> _MATERIALS PROVIDED_
(* Let $A(l_1,l_2)\in\mathbb{C}[l_1,l_2]$ be a polynomial of degree at most $R$ in each of $l_1$ and $l_2$, and assume that $T_{l_1,l_2}A(l_1,l_2)$ has total degree at most $R$ (i.e. is a linear combination of monomials $l_1^ml_2^{m'}$ with $m+m'\le R$). Then $$\sum_{l_1=k_1}^{k_2}\sum_{l_2=k_2}^{k_3}A(l_1,l_2)-A(k_2,k_2)$$ is a polynomial in $k_1,k_2,k_3$ of degree at most $R+2$ in $k_2$. Moreover, if $T_{l_1,l_2}A(l_1,l_2)=0$, then this polynomial has degree at most $R+1$ in $k_2$.
   Context: Summation over an interval is extended to all integer endpoints: $\sum_{i=a}^b f(i)=f(a)+\cdots+f(b)$ if $a\le b$, $=0$ if $b=a-1$, and $=-f(b+1)-\cdots-f(a-1)$ if $b+1\le a-1$; with this convention sums of polynomials over intervals with polynomial endpoints are polynomials. $E_x$ denotes the shift $E_xf(x)=f(x+1)$, $E_x^{-1}$ its inverse, $\Delta_x=E_x-\operatorname{id}$, and $S_{x,y}$ the swap $S_{x,y}f(x,y)=f(y,x)$; products of operators are compositions. Define $V_{x,y}=\operatorname{id}+E_x^{-1}\Delta_x\Delta_y$ and $$T_{l_1,l_2}=(\operatorname{id}+E_{l_2}E_{l_1}^{-1}S_{l_1,l_2})\,(V_{l_1,l_2}+V_{l_2,l_1})^{-1}V_{l_1,l_2},$$ where $V_{l_1,l_2}+V_{l_2,l_1}=2\operatorname{id}+(E_{l_1}^{-1}+E_{l_2}^{-1})\Delta_{l_1}\Delta_{l_2}$ is invertible on $\mathbb{C}[l_1,l_2]$ (its inverse is the finite-on-each-polynomial series $\tfrac12\sum_{j\ge0}(-\tfrac12)^j((E_{l_1}^{-1}+E_{l_2}^{-1})\Delta_{l_1}\Delta_{l_2})^j$). *)

From HB Require Import structures.
From mathcomp Require Import all_boot all_order all_algebra.
From mathcomp Require Import reals.
From mathcomp Require Import mpoly.
From mathcomp.real_closed Require Import complex.

Set Implicit Arguments.
Unset Strict Implicit.
Unset Printing Implicit Defensive.

Import Order.TTheory GRing.Theory Num.Theory.
Local Open Scope ring_scope.

Section Ops.
(* C is the field of complex numbers R[i] for a real type R (any realType is
   isomorphic to the reals). *)
Variable R : realType.
Local Notation C := (R[i]).
Local Notation P2 := {mpoly C[2]}.

Definition v1 : 'I_2 := ord0.
Definition v2 : 'I_2 := ord_max.
Definition L1 : P2 := 'X_v1.
Definition L2 : P2 := 'X_v2.

Definition E1 (p : P2) : P2 := p \mPo [tuple L1 + 1; L2].
Definition E1inv (p : P2) : P2 := p \mPo [tuple L1 - 1; L2].
Definition E2 (p : P2) : P2 := p \mPo [tuple L1; L2 + 1].
Definition E2inv (p : P2) : P2 := p \mPo [tuple L1; L2 - 1].
Definition S12 (p : P2) : P2 := p \mPo [tuple L2; L1].

Definition D1 (p : P2) : P2 := E1 p - p.
Definition D2 (p : P2) : P2 := E2 p - p.

Definition V12 (p : P2) : P2 := p + E1inv (D1 (D2 p)).
Definition V21 (p : P2) : P2 := p + E2inv (D2 (D1 p)).

(* W = (E_{l1}^{-1} + E_{l2}^{-1}) Delta_{l1} Delta_{l2}; V12 + V21 = 2 id + W *)
Definition W (p : P2) : P2 := let q := D1 (D2 p) in E1inv q + E2inv q.

(* (V12 + V21)^{-1} p = 1/2 sum_{j>=0} (-1/2)^j W^j p.  W strictly lowers the
   total degree, so W^j p = 0 as soon as j >= msize p (= total degree + 1);
   the series is therefore the finite sum below. *)
Definition Vinv (p : P2) : P2 :=
  \sum_(j < msize p) ((2%:R)^-1 * (- (2%:R)^-1) ^+ j) *: iter j W p.

Definition Top (p : P2) : P2 :=
  let q := Vinv (V12 p) in q + E2 (E1inv (S12 q)).

End Ops.

(* Extended interval summation over integers:
   sum_{i=a}^b f i = f a + ... + f b if a <= b, 0 if b = a - 1,
   and - f (b+1) - ... - f (a-1) if b + 1 <= a - 1. *)
Definition isum (V : zmodType) (a b : int) (f : int -> V) : V :=
  if (a <= b)%R then \sum_(i < absz (b - a + 1)%R) f (a + i%:Z)
  else - \sum_(i < absz (a - b - 1)%R) f (b + 1 + i%:Z).

Definition degvar_le (C : nzRingType) (n : nat) (p : {mpoly C[n]}) (i : 'I_n) (d : nat) :=
  forall m, m \in msupp p -> (m i <= d)%N.

Definition totdeg_le (C : nzRingType) (n : nat) (p : {mpoly C[n]}) (d : nat) :=
  forall m, m \in msupp p -> (mdeg m <= d)%N.

Definition ev2 (C : comNzRingType) (p : {mpoly C[2]}) (x y : C) : C :=
  p.@[tnth [tuple x; y]].
Definition ev3 (C : comNzRingType) (p : {mpoly C[3]}) (x y z : C) : C :=
  p.@[tnth [tuple x; y; z]].

From HB Require Import structures.
From mathcomp Require Import all_boot all_order all_algebra.
From mathcomp Require Import reals.
From mathcomp Require Import mpoly.
From mathcomp.real_closed Require Import complex.
From mathcomp Require Import ring zify.

(* Let F be the double antidifference of A built from Faulhaber polynomials:
   Δ_{l1}Δ_{l2} F = A, F vanishes on both axes, and F has degree at most R+1 in
   each variable. The double sum telescopes to
   F(k2+1,k3+1) - F(k2+1,k2) - F(k1,k3+1) + F(k1,k2), where only F(k2+1,k2) may
   have degree above R+1 in k2; together with -A(k2,k2) it gives -c_F(k2), with
   the corner c_f(k) = f(k,k) + f(k+1,k+1) - f(k,k+1).
   Since W lowers degrees it is nilpotent, so V12 + V21 = 2 + W is invertible
   and T is well defined. For U = (V12 + V21)^{-1} V12 F one computes
   c_{TF}(k) = ((V12 + V21) U)(k+1,k) = (V12 F)(k+1,k) = c_F(k), and T commutes
   with Δ_{l1}Δ_{l2}. Hence TF and the double antidifference B of TA have the
   same mixed difference, so on the integer grid
   TF(a,b) = B(a,b) + TF(a,0) + TF(0,b) - TF(0,0) and
   c_F(k) = c_B(k) + TF(k+1,0) + TF(0,k) - TF(0,0). Finally B has total degree
   at most R+2 (and B = 0 if TA = 0), while TF, like F, has degree at most R+1
   in each variable. *)

Set Implicit Arguments.
Unset Strict Implicit.
Unset Printing Implicit Defensive.

Import Order.TTheory GRing.Theory Num.Theory.
Local Open Scope ring_scope.

(** * Weighted degrees *)

Section WeightedDegree.
Variables (K : comNzRingType) (n : nat) (w : 'I_n -> nat).
Implicit Types (p q : {mpoly K[n]}) (m : 'X_{1..n}).

Definition mweight m : nat := (\sum_i w i * m i)%N.
Definition wdeg_le p d := forall m, m \in msupp p -> (mweight m <= d)%N.

Lemma mweight0 : mweight 0%MM = 0%N.
Proof. by rewrite /mweight big1 // => i _; rewrite mnm0E muln0. Qed.

Lemma mweightD m1 m2 : mweight (m1 + m2)%MM = (mweight m1 + mweight m2)%N.
Proof. by rewrite /mweight -big_split; apply: eq_bigr => i _; rewrite mnmDE mulnDr. Qed.

Lemma mweightU i : mweight U_(i)%MM = w i.
Proof.
rewrite /mweight (bigD1 i) //= mnm1E eqxx muln1 big1 ?addn0 // => j /negbTE.
by rewrite mnm1E eq_sym => ->; rewrite muln0.
Qed.

Lemma wdeg_le_leq p d d' : (d <= d')%N -> wdeg_le p d -> wdeg_le p d'.
Proof. by move=> le_dd' hp m /hp /leq_trans; apply. Qed.

Lemma wdeg_le0 d : wdeg_le 0 d.
Proof. by move=> m; rewrite msupp0. Qed.

Lemma wdeg_leC c d : wdeg_le c%:MP d.
Proof.
move=> m; rewrite msuppC; case: (c == 0) => //.
by rewrite inE => /eqP ->; rewrite mweight0.
Qed.

Lemma wdeg_le1 d : wdeg_le 1 d.
Proof. by rewrite -mpolyC1; apply: wdeg_leC. Qed.

Lemma wdeg_leD p q d : wdeg_le p d -> wdeg_le q d -> wdeg_le (p + q) d.
Proof. by move=> hp hq m /msuppD_le; rewrite mem_cat => /orP [/hp|/hq]. Qed.

Lemma wdeg_leN p d : wdeg_le p d -> wdeg_le (- p) d.
Proof. by move=> hp m; rewrite (perm_mem (msuppN p)) => /hp. Qed.

Lemma wdeg_leB p q d : wdeg_le p d -> wdeg_le q d -> wdeg_le (p - q) d.
Proof. by move=> hp hq; apply: wdeg_leD => //; apply: wdeg_leN. Qed.

Lemma wdeg_leZ c p d : wdeg_le p d -> wdeg_le (c *: p) d.
Proof. by move=> hp m /msuppZ_le /hp. Qed.

Lemma wdeg_le_sum (I : Type) (r : seq I) (P : pred I) (F : I -> {mpoly K[n]}) d :
  (forall i, P i -> wdeg_le (F i) d) -> wdeg_le (\sum_(i <- r | P i) F i) d.
Proof.
move=> hF; elim/big_ind: _ => //; first exact: wdeg_le0.
by move=> x y; apply: wdeg_leD.
Qed.

Lemma wdeg_leM p q a b : wdeg_le p a -> wdeg_le q b -> wdeg_le (p * q) (a + b).
Proof.
move=> hp hq m /msuppM_le /allpairsP [[m1 m2] /= [h1 h2 ->]].
by rewrite mweightD leq_add // ?hp ?hq.
Qed.

Lemma wdeg_leX p a k : wdeg_le p a -> wdeg_le (p ^+ k) (a * k).
Proof.
move=> hp; elim: k => [|k ih]; first by rewrite expr0 muln0; apply: wdeg_leC.
by rewrite exprS mulnS; apply: wdeg_leM.
Qed.

Lemma wdeg_leXU i : wdeg_le 'X_i (w i).
Proof. by move=> m; rewrite msuppX inE => /eqP ->; rewrite mweightU. Qed.

Lemma wdeg_le_prod (I : finType) (F : I -> {mpoly K[n]}) (b : I -> nat) :
  (forall i, wdeg_le (F i) (b i)) -> wdeg_le (\prod_i F i) (\sum_i b i).
Proof.
move=> hF; elim/big_rec2: _ => [|i x y _ hy]; [exact: wdeg_leC | exact: wdeg_leM].
Qed.

End WeightedDegree.

Lemma wdeg_le_comp (K : comNzRingType) (n k : nat) (w : 'I_n -> nat) (e : 'I_k -> nat)
    (p : {mpoly K[k]}) (lq : k.-tuple {mpoly K[n]}) d :
  (forall j, wdeg_le w (tnth lq j) (e j)) -> wdeg_le e p d -> wdeg_le w (p \mPo lq) d.
Proof.
move=> hlq hp; rewrite comp_mpolyEX big_seq; apply: wdeg_le_sum => m /hp hm.
apply: wdeg_leZ; rewrite comp_mpolyX; apply: (wdeg_le_leq hm).
by apply: wdeg_le_prod => i; apply: wdeg_leX.
Qed.

Definition wvar n (i : 'I_n) (j : 'I_n) : nat := j == i.

Lemma mweight_wvar n (i : 'I_n) m : mweight (wvar i) m = m i.
Proof.
rewrite /mweight (bigD1 i) //= /wvar eqxx mul1n big1 ?addn0 // => j /negbTE.
by move=> ->; rewrite mul0n.
Qed.

Lemma degvar_wdeg (K : comNzRingType) n (p : {mpoly K[n]}) i d :
  degvar_le p i d <-> wdeg_le (wvar i) p d.
Proof. by split=> hp m /hp; rewrite mweight_wvar. Qed.

Definition w2 (a b : nat) (j : 'I_2) : nat := if j == v1 then a else b.

Lemma mweight2 a b (m : 'X_{1..2}) : mweight (w2 a b) m = (a * m v1 + b * m v2)%N.
Proof.
rewrite /mweight !big_ord_recr big_ord0 /=.
by have -> : widen_ord (leqnSn 1) ord_max = v1 by apply: val_inj.
Qed.

Lemma wdeg_le_w2_00 (K : comNzRingType) (p : {mpoly K[2]}) : wdeg_le (w2 0 0) p 0.
Proof. by move=> m _; rewrite mweight2. Qed.

Lemma totdeg_wdeg (K : comNzRingType) (p : {mpoly K[2]}) d :
  totdeg_le p d <-> wdeg_le (w2 1 1) p d.
Proof.
have mdeg2 m : mdeg m = mweight (w2 1 1) m.
  by rewrite mdegE; apply: eq_bigr => i _; rewrite /w2; case: eqP; rewrite mul1n.
by split=> hp m /hp; rewrite mdeg2.
Qed.

Lemma wdeg_le_comp2 (K : comNzRingType) n (w : 'I_n -> nat) (p : {mpoly K[2]})
    (a b : {mpoly K[n]}) ea eb d :
  wdeg_le w a ea -> wdeg_le w b eb -> wdeg_le (w2 ea eb) p d ->
  wdeg_le w (p \mPo [tuple a; b]) d.
Proof.
by move=> ha hb; apply: wdeg_le_comp => -[[|[|//]] ?]; rewrite (tnth_nth 0).
Qed.

Section Bidegree.
Variable K : comNzRingType.
Implicit Types (p q a b : {mpoly K[2]}).

Definition bideg_le p dx dy := wdeg_le (w2 1 0) p dx /\ wdeg_le (w2 0 1) p dy.

Lemma bideg_le_degvar p dx dy : degvar_le p v1 dx -> degvar_le p v2 dy -> bideg_le p dx dy.
Proof.
move=> hx hy; split=> m hm; rewrite mweight2 mul1n mul0n ?addn0 ?add0n.
  exact: hx.
exact: hy.
Qed.

Lemma bideg_le1 dx dy : bideg_le 1 dx dy.
Proof. by split; apply: wdeg_le1. Qed.

Lemma bideg_leX1 : bideg_le 'X_v1 1 0.
Proof. by split; apply: wdeg_leXU. Qed.

Lemma bideg_leX2 : bideg_le 'X_v2 0 1.
Proof. by split; apply: wdeg_leXU. Qed.

Lemma bideg_leD p q dx dy : bideg_le p dx dy -> bideg_le q dx dy -> bideg_le (p + q) dx dy.
Proof. by move=> [? ?] [? ?]; split; apply: wdeg_leD. Qed.

Lemma bideg_leB p q dx dy : bideg_le p dx dy -> bideg_le q dx dy -> bideg_le (p - q) dx dy.
Proof. by move=> [? ?] [? ?]; split; apply: wdeg_leB. Qed.

Lemma bideg_le_sum (I : Type) (r : seq I) (P : pred I) (F : I -> {mpoly K[2]}) dx dy :
  (forall i, P i -> bideg_le (F i) dx dy) -> bideg_le (\sum_(i <- r | P i) (F i)) dx dy.
Proof. by move=> hF; split; apply: wdeg_le_sum => i /hF []. Qed.

Lemma bideg_leZ c p dx dy : bideg_le p dx dy -> bideg_le (c *: p) dx dy.
Proof. by move=> [? ?]; split; apply: wdeg_leZ. Qed.

Lemma bideg_le_comp p a b dx dy : bideg_le p dx dy -> bideg_le a 1 0 -> bideg_le b 0 1 ->
  bideg_le (p \mPo [tuple a; b]) dx dy.
Proof.
move=> [px py] [ax ay] [bx b_y].
by split; [apply: wdeg_le_comp2 ax bx px | apply: wdeg_le_comp2 ay b_y py].
Qed.

Lemma bideg_le_comp_swap p a b dx dy : bideg_le p dx dy -> bideg_le a 0 1 -> bideg_le b 1 0 ->
  bideg_le (p \mPo [tuple a; b]) dy dx.
Proof.
move=> [px py] [ax ay] [bx b_y].
by split; [apply: wdeg_le_comp2 ax bx py | apply: wdeg_le_comp2 ay b_y px].
Qed.

End Bidegree.

Section Evaluation.
Variable K : comNzRingType.
Implicit Types (p q : {mpoly K[2]}) (x y : K).

Lemma meval_comp2 n p (a b : {mpoly K[n]}) v :
  (p \mPo [tuple a; b]).@[v] = ev2 p a.@[v] b.@[v].
Proof.
by rewrite /ev2 comp_mpoly_meval; apply: meval_eq => -[[|[|//]] ?]; rewrite !(tnth_nth 0).
Qed.

Lemma ev2_comp2 p a b x y : ev2 (p \mPo [tuple a; b]) x y = ev2 p (ev2 a x y) (ev2 b x y).
Proof. exact: meval_comp2. Qed.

> _WHAT YOU WILL DO_
Could you show every line of the material that includes the string "negbTE"?

> _ANSWER TO THE EXERCISE_
rewrite /mweight (bigD1 i) //= mnm1E eqxx muln1 big1 ?addn0 // => j /negbTE.
rewrite /mweight (bigD1 i) //= /wvar eqxx mul1n big1 ?addn0 // => j /negbTE.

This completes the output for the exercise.